## Task details
Once you reach the line that holds "rewrite cis_add. unfold abel_weight." in the listing below, output it and every line after it through the line that holds "replace (2 * (/", word for word.

** Materials provided follows **

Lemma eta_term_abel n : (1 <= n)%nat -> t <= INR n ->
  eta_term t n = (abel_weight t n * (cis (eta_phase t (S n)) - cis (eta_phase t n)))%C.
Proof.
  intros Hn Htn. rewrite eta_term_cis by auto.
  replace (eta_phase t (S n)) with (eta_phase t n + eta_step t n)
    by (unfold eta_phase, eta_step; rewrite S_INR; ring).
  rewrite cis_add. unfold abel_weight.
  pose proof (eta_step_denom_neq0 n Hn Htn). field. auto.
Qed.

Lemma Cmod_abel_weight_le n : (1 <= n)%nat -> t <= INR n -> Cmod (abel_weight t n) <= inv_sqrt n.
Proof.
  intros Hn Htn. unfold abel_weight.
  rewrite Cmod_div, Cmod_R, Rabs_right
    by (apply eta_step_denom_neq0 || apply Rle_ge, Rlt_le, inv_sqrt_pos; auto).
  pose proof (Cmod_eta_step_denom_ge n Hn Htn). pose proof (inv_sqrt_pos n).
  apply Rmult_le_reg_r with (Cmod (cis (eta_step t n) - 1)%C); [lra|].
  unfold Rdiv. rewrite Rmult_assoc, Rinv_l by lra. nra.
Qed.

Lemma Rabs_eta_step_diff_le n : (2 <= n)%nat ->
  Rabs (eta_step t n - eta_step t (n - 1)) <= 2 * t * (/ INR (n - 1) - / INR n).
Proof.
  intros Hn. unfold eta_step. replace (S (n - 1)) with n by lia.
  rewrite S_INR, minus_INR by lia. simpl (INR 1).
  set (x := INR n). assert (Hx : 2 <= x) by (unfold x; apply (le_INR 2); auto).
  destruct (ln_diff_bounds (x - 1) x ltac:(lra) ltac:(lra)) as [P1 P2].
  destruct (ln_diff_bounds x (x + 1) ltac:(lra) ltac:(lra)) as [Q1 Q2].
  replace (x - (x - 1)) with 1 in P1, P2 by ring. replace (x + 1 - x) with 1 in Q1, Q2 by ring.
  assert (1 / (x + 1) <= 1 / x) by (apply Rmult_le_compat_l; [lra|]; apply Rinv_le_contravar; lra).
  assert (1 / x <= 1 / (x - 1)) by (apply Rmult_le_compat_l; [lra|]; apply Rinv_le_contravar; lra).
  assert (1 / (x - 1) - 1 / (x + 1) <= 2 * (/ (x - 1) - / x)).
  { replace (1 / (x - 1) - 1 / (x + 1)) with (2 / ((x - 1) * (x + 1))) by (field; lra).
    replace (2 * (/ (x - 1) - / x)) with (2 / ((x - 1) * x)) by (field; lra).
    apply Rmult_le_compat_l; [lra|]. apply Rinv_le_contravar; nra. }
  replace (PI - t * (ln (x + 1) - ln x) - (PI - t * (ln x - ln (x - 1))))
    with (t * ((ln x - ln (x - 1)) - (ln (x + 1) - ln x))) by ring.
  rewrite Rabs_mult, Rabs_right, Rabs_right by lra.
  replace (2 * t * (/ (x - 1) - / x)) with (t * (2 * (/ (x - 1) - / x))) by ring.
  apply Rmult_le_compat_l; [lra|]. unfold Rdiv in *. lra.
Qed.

** End of Materials provided **

## Exercise solution
  rewrite cis_add. unfold abel_weight.
  pose proof (eta_step_denom_neq0 n Hn Htn). field. auto.
Qed.

Lemma Cmod_abel_weight_le n : (1 <= n)%nat -> t <= INR n -> Cmod (abel_weight t n) <= inv_sqrt n.
Proof.
  intros Hn Htn. unfold abel_weight.
  rewrite Cmod_div, Cmod_R, Rabs_right
    by (apply eta_step_denom_neq0 || apply Rle_ge, Rlt_le, inv_sqrt_pos; auto).
  pose proof (Cmod_eta_step_denom_ge n Hn Htn). pose proof (inv_sqrt_pos n).
  apply Rmult_le_reg_r with (Cmod (cis (eta_step t n) - 1)%C); [lra|].
  unfold Rdiv. rewrite Rmult_assoc, Rinv_l by lra. nra.
Qed.

Lemma Rabs_eta_step_diff_le n : (2 <= n)%nat ->
  Rabs (eta_step t n - eta_step t (n - 1)) <= 2 * t * (/ INR (n - 1) - / INR n).
Proof.
  intros Hn. unfold eta_step. replace (S (n - 1)) with n by lia.
  rewrite S_INR, minus_INR by lia. simpl (INR 1).
  set (x := INR n). assert (Hx : 2 <= x) by (unfold x; apply (le_INR 2); auto).
  destruct (ln_diff_bounds (x - 1) x ltac:(lra) ltac:(lra)) as [P1 P2].
  destruct (ln_diff_bounds x (x + 1) ltac:(lra) ltac:(lra)) as [Q1 Q2].
  replace (x - (x - 1)) with 1 in P1, P2 by ring. replace (x + 1 - x) with 1 in Q1, Q2 by ring.
  assert (1 / (x + 1) <= 1 / x) by (apply Rmult_le_compat_l; [lra|]; apply Rinv_le_contravar; lra).
  assert (1 / x <= 1 / (x - 1)) by (apply Rmult_le_compat_l; [lra|]; apply Rinv_le_contravar; lra).
  assert (1 / (x - 1) - 1 / (x + 1) <= 2 * (/ (x - 1) - / x)).
  { replace (1 / (x - 1) - 1 / (x + 1)) with (2 / ((x - 1) * (x + 1))) by (field; lra).
    replace (2 * (/ (x - 1) - / x)) with (2 / ((x - 1) * x)) by (field; lra).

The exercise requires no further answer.